• What this task involves:
The listing below holds a line with "(forall x, J x -> worder_ge t x) -> int_closure" and a later line with "have [S fmS] : worder_ge (m * e).+1 (f ^+ m).". Write out those two lines and every line between them, exactly, and nothing else.

• Material for this exercise:
Lemma min_gen_deg1_decomposable_le1 v :
  min_gen lam v -> deg1_decomposable v.1 v.2 -> (v.2 <= 1)%N.
Proof.
case: v => a d [_ [_ no_split]] [c [bs [/= bs_d bs_wdeg aE]]]; subst d.
case: bs bs_wdeg aE no_split => [|b1 [|b2 bs]] // bs_wdeg aE no_split.
exfalso; apply: no_split.
exists ([ffun i => c i + b1 i]%N, 1%N).
exists ([ffun i => \sum_(b <- b2 :: bs) b i]%N, (size bs).+1).
split.
  apply/inM_wdeg; rewrite mul1n (eq_wdeg (ffunE _)) wdegD.
  by apply: leq_trans (leq_addl _ _); apply/bs_wdeg/mem_head.
split.
  apply/inM_wdeg; rewrite (eq_wdeg (ffunE _)) wdeg_sum.
  rewrite -[X in (X * _)%N]/(size (b2 :: bs)) -sum1_size big_distrl /=.
  rewrite big_seq [X in (_ <= X)%N]big_seq; apply: leq_sum => b b_bs.
  by rewrite mul1n; apply/bs_wdeg/mem_behead.
split; first by case.
split; first by case.
by congr (_, _); apply/ffunP => i; rewrite !ffunE aE !big_cons; lia.
Qed.

Lemma inM_deg1_decomposable_le1 v :
  inM lam v -> (v.2 <= 1)%N -> deg1_decomposable v.1 v.2.
Proof.
case: v => a [|[|//]] /= Mv _; first exact: deg1_decomposable0.
apply: (@deg1_decomposable_le _ [:: [multinom a i | i < n]]) => [b|i].
  by rewrite inE => /eqP->; move/inM_wdeg: Mv; rewrite mul1n (eq_wdeg (mnmE _)).
by rewrite big_seq1 mnmE.
Qed.

Lemma single_support_deg1_decomposable v i :
  inM lam v -> (forall j, j != i -> v.1 j = 0%N) -> deg1_decomposable v.1 v.2.
Proof.
move=> /inM_wdeg + a0; rewrite (wdeg_single a0) -(lam_lamcof i) mulnA.
rewrite leq_pmul2r ?lamcof_gt0 // => le_a.
rewrite -[v.2](size_nseq _ (U_(i) *+ lam i)%MM).
apply: deg1_decomposable_le => [b|j].
  by rewrite mem_nseq => /andP[_ /eqP->]; rewrite wdeg_pure_power.
rewrite big_nseq iter_addn_0 mulmnE mnm1E.
by case: eqVneq => [<-|_] /=; rewrite ?mul1n ?mul0n 1?mulnC.
Qed.

Lemma min_gen_deg1_decomposable v :
  (forall v, min_gen lam v -> type3 v \/ type4 v -> v.2 = 1%N) ->
  min_gen lam v -> deg1_decomposable v.1 v.2.
Proof.
move=> types_deg1 v_min; have Mv := v_min.1.
have [d_le1|d_gt1] := leqP v.2 1; first exact: inM_deg1_decomposable_le1.
have [[i [j [lt_ij ai aj]]]|no_pair] :=
  classic (exists i j : 'I_n, [/\ (i < j)%N, (0 < v.1 i)%N & (0 < v.1 j)%N]).
  by have := types_deg1 v v_min (types34_of_pair lt_ij ai aj (ltnW d_gt1)); lia.
have [i ai|no_supp] := pickP (fun i => 0 < v.1 i)%N; last first.
  move/inM_wdeg: Mv; rewrite /wdeg big1 => [|i _]; last first.
    by move/negbT: (no_supp i); rewrite lt0n negbK => /eqP->.
  by rewrite leqn0 muln_eq0 (negbTE (lt0n_neq0 lamprod_gt0)) orbF; lia.
apply: (single_support_deg1_decomposable Mv (i := i)) => j ji.
apply/eqP; rewrite -leqn0 leqNgt; apply/negP => aj; apply: no_pair.
by move: ji; rewrite -(inj_eq val_inj) neq_ltn => /orP[lt_ji|lt_ij]; [exists j, i | exists i, j].
Qed.

Lemma deg1_decomposableP :
  (forall a d, (d * lamprod <= wdeg a)%N -> deg1_decomposable a d) <->
  (forall v, min_gen lam v -> type3 v \/ type4 v -> v.2 = 1%N).
Proof.
split=> [decomp v v_min types34 | types_deg1 a d le_a].
  have d_gt0 : (0 < v.2)%N by case: types34 => [[_ []]|[]].
  have := min_gen_deg1_decomposable_le1 v_min (decomp _ _ (proj1 (inM_wdeg _) v_min.1)); lia.
pose v : vecN n := ([ffun i => a i], d).
have Mv : inM lam v by apply/inM_wdeg; rewrite (eq_wdeg (ffunE _)).
apply: eq_deg1_decomposable (ffunE _) _.
apply: (@inM_ind (fun v => deg1_decomposable v.1 v.2) _ _ _ v Mv) => [|u w|w].
- exact: deg1_decomposable0.
- by move=> /deg1_decomposableD dec_u /dec_u; apply: eq_deg1_decomposable => i; rewrite ffunE.
- exact: min_gen_deg1_decomposable.
Qed.

End ExponentMonoid.

Section WeightedOrder.

Variables (K : fieldType) (n : nat) (lam : 'I_n -> nat).
Local Notation R := {mpoly K[n]}.
Implicit Types (p q f x : R) (J : R -> Prop) (m : 'X_{1..n}).

(* Substituting x_i T^(lamcof i) for x_i multiplies each monomial x^m by T^(wdeg m), so
   [worder_ge t p] holds iff all monomials of p have weighted degree at least t; phrased as
   divisibility by T^t in a domain it is visibly a valuation. *)
Definition wsubst : {rmorphism R -> {poly R}} :=
  mmap (polyC \o mpolyC n (R:=K)) (fun i => ('X_i)%:P * 'X^(lamcof lam i)).

Lemma wsubst_mX m : wsubst 'X_[m] = ('X_[m])%:P * 'X^(wdeg lam m).
Proof.
rewrite /= mmapX /mmap1.
rewrite (eq_bigr (fun i => ('X_i ^+ m i)%:P * 'X^(lamcof lam i * m i))) => [|i _]; last first.
  by rewrite exprMn rmorphXn /= exprM.
rewrite big_split /= -rmorph_prod -mpolyXE_id prodrXr; congr (_ * 'X^_).
by apply: eq_bigr => i _; rewrite mulnC.
Qed.

Lemma wsubstE p : wsubst p = \sum_(m <- msupp p) (p@_m *: 'X_[m])%:P * 'X^(wdeg lam m).
Proof.
rewrite {1}[p]mpolyE rmorph_sum; apply: eq_bigr => m _.
by rewrite -mul_mpolyC rmorphM wsubst_mX /= mmapC mulrA -polyCM.
Qed.

Definition worder_ge (t : nat) p := exists Q, wsubst p = 'X^t * Q.

Lemma worder_ge_msupp t p m : worder_ge t p -> m \in msupp p -> (t <= wdeg lam m)%N.
Proof.
move=> [Q pQ] m_supp; rewrite leqNgt; apply/negP => lt_mt.
have := congr1 (fun P : {poly R} => (P`_(wdeg lam m))@_m) pQ.
rewrite /= coefXnM lt_mt mcoeff0 wsubstE coef_sum.
rewrite (bigD1_seq m) //= ?msupp_uniq // coefCM coefXn eqxx mulr1.
rewrite mcoeffD mcoeffZ mcoeffX eqxx mulr1 (raddf_sum (mcoeff m)) /=.
rewrite big1_seq ?addr0 => [|m' /andP[m'_neq _]].
  by move/eqP; rewrite mcoeff_eq0 m_supp.
rewrite coefCM coefXn; case: eqP => _; rewrite ?mulr0 ?mcoeff0 // mulr1.
by rewrite mcoeffZ mcoeffX (negbTE m'_neq) mulr0.
Qed.

Lemma worder_ge0 p : worder_ge 0 p.
Proof. by exists (wsubst p); rewrite expr0 mul1r. Qed.

Lemma worder_ge_zero t : worder_ge t 0.
Proof. by exists 0; rewrite rmorph0 mulr0. Qed.

Lemma worder_geD t p q : worder_ge t p -> worder_ge t q -> worder_ge t (p + q).
Proof. by move=> [P pP] [Q qQ]; exists (P + Q); rewrite rmorphD pP qQ mulrDr. Qed.

Lemma worder_geN t p : worder_ge t p -> worder_ge t (- p).
Proof. by move=> [P pP]; exists (- P); rewrite rmorphN pP mulrN. Qed.

Lemma worder_geM t u p q : worder_ge t p -> worder_ge u q -> worder_ge (t + u) (p * q).
Proof.
move=> [P pP] [Q qQ]; exists (P * Q).
by rewrite rmorphM pP qQ exprD mulrACA.
Qed.

Lemma worder_geMl t p q : worder_ge t q -> worder_ge t (p * q).
Proof. exact: worder_geM (worder_ge0 p). Qed.

Lemma worder_geX t p k : worder_ge t p -> worder_ge (k * t) (p ^+ k).
Proof.
move=> p_t; elim: k => [|k IHk]; first exact: worder_ge0.
by rewrite exprS mulSn; apply: worder_geM.
Qed.

Lemma worder_ge_le t u p : (u <= t)%N -> worder_ge t p -> worder_ge u p.
Proof. by move=> le_ut [P pP]; exists ('X^(t - u) * P); rewrite pP mulrA -exprD subnKC. Qed.

Lemma worder_ge_sum t (I : eqType) (s : seq I) (F : I -> R) :
  (forall i, i \in s -> worder_ge t (F i)) -> worder_ge t (\sum_(i <- s) F i).
Proof.
elim: s => [|i s IHs] F_t; first by rewrite big_nil; apply: worder_ge_zero.
rewrite big_cons; apply: worder_geD; first by apply: F_t; rewrite inE eqxx.
by apply: IHs => j js; apply: F_t; rewrite inE js orbT.
Qed.

Lemma worder_ge_gen_ideal t S f :
  (forall x, S x -> worder_ge t x) -> gen_ideal S f -> worder_ge t f.
Proof.
move=> S_t; apply: gen_ideal_ind => [|x y|r x /S_t].
- exact: worder_ge_zero.
- exact: worder_geD.
- exact: worder_geMl.
Qed.

Lemma worder_ge_prod_set t J k f :
  (forall x, J x -> worder_ge t x) -> prod_set J k f -> worder_ge (k * t) f.
Proof.
move=> J_t [s [<- [s_J ->]]]; elim: s s_J => [|x s IHs] s_J; first exact: worder_ge0.
rewrite big_cons mulSn; apply: worder_geM; first by apply/J_t/s_J/mem_head.
by apply: IHs => y ys; apply: s_J; rewrite inE ys orbT.
Qed.

Lemma worder_ge_ideal_pow t J k f :
  (forall x, J x -> worder_ge t x) -> ideal_pow J k f -> worder_ge (k * t) f.
Proof. by move=> J_t; apply: worder_ge_gen_ideal => x; apply: worder_ge_prod_set. Qed.

(* If wsubst f = T^e Q with e < t, the integral equation makes T divide Q^m, hence Q. *)
Lemma worder_ge_int_closure t J f :
  (forall x, J x -> worder_ge t x) -> int_closure J f -> worder_ge t f.
Proof.
move=> J_t [m [a [m_gt0 [a_pow f_root]]]].
suff f_ord e : (e <= t)%N -> worder_ge e f by apply: f_ord.
elim: e => [|e IHe] lt_et; first exact: worder_ge0.
have [Q fQ] := IHe (ltnW lt_et).
have [S fmS] : worder_ge (m * e).+1 (f ^+ m).
  have -> : f ^+ m = - \sum_(1 <= i < m.+1) a i * f ^+ (m - i).
    by apply/eqP; rewrite -addr_eq0 f_root.
  apply/worder_geN/worder_ge_sum => i; rewrite mem_index_iota => /andP[i_ge1 i_le].
  rewrite (_ : (m * e).+1 = (i * e).+1 + (m - i) * e)%N; last by rewrite addSn -mulnDl subnKC.
  apply: worder_geM; last by apply: worder_geX; exists Q.
  apply: worder_ge_le (worder_ge_ideal_pow J_t (a_pow i _)); last by rewrite i_ge1.
  by nia.
move: fmS; rewrite rmorphXn fQ exprMn -exprM mulnC exprS (mulrC 'X) -mulrA => fmS.
have QmS : Q ^+ m = 'X * S.
  apply: (mulfI (x := 'X^(m * e))); last by rewrite fmS.
  by rewrite expf_neq0 // polyX_eq0.
have : root Q 0.
  have := congr1 (horner^~ 0) QmS; rewrite /= horner_exp hornerM hornerX mul0r.
  by move/eqP; rewrite expf_eq0 => /andP[_].
move/factor_theorem => [P QP]; exists P.
by rewrite fQ QP subr0 exprSr -mulrA (mulrC P).
Qed.

Lemma msupp_prod_deg1_decomposable (s : seq R) m :
  (forall y, y \in s -> worder_ge (lamprod lam) y) ->
  m \in msupp (\prod_(y <- s) y) -> deg1_decomposable lam m (size s).
Proof.
elim: s m => [|y s IHs] m s_ord.
  rewrite big_nil msupp1 inE => /eqP->.
  by apply: eq_deg1_decomposable (deg1_decomposable0 _ _) => i; rewrite mnm0E.
rewrite big_cons => /msuppM_le /allpairsP[[m1 m2] /= [m1_y m2_s ->]].
apply: eq_deg1_decomposable (fun i => esym (mnmDE i m1 m2)) _.
apply: (@deg1_decomposableD _ _ _ _ 1%N); last first.
  by apply: IHs m2_s => z zs; apply/s_ord/mem_behead.
apply: (@deg1_decomposable_le _ _ _ [:: m1]) => [b|i]; last by rewrite big_seq1.
by rewrite inE => /eqP->; apply: worder_ge_msupp m1_y; apply/s_ord/mem_head.
Qed.

Lemma msupp_ideal_pow_deg1_decomposable J k x m :
  (forall y, J y -> worder_ge (lamprod lam) y) ->
  ideal_pow J k x -> m \in msupp x -> deg1_decomposable lam m k.
Proof.
move=> J_ord x_pow; move: x x_pow m.
apply: (@gen_ideal_ind _ _ (fun x => forall m, m \in msupp x -> deg1_decomposable lam m k)).
- by move=> m; rewrite msupp0.
- by move=> x y x_dec y_dec m /msuppD_le; rewrite mem_cat => /orP[/x_dec|/y_dec].
move=> r _ [s [<- [s_J ->]]] m /msuppM_le /allpairsP[[m1 m2] /= [_ m2_s ->]].
apply: eq_deg1_decomposable (fun i => esym (mnmDE i m1 m2)) _.
apply: (@deg1_decomposableD _ _ _ _ 0%N); first exact: deg1_decomposable0.
by apply: msupp_prod_deg1_decomposable m2_s => y /s_J /J_ord.
Qed.

End WeightedOrder.

Section IlamMonomials.

Variables (K : fieldType) (n : nat) (lam : 'I_n -> nat).
Local Notation R := {mpoly K[n]}.
Implicit Types (f x : R) (J : R -> Prop) (m : 'X_{1..n}).

Definition pure_powers : R -> Prop := fun g => exists i, g = 'X_i ^+ lam i.

Lemma worder_ge_pure_power i : worder_ge lam (lamprod lam) ('X_i ^+ lam i : R).
Proof.
by exists ('X_[U_(i) *+ lam i])%:P; rewrite mpolyXn wsubst_mX wdeg_pure_power mulrC.
Qed.

Lemma worder_ge_Ilam f : Ilam K lam f -> worder_ge lam (lamprod lam) f.
Proof.
apply: worder_ge_int_closure => x; apply: worder_ge_gen_ideal => _ [i ->].
exact: worder_ge_pure_power.
Qed.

• Response below:
  (forall x, J x -> worder_ge t x) -> int_closure J f -> worder_ge t f.
Proof.
move=> J_t [m [a [m_gt0 [a_pow f_root]]]].
suff f_ord e : (e <= t)%N -> worder_ge e f by apply: f_ord.
elim: e => [|e IHe] lt_et; first exact: worder_ge0.
have [Q fQ] := IHe (ltnW lt_et).
have [S fmS] : worder_ge (m * e).+1 (f ^+ m).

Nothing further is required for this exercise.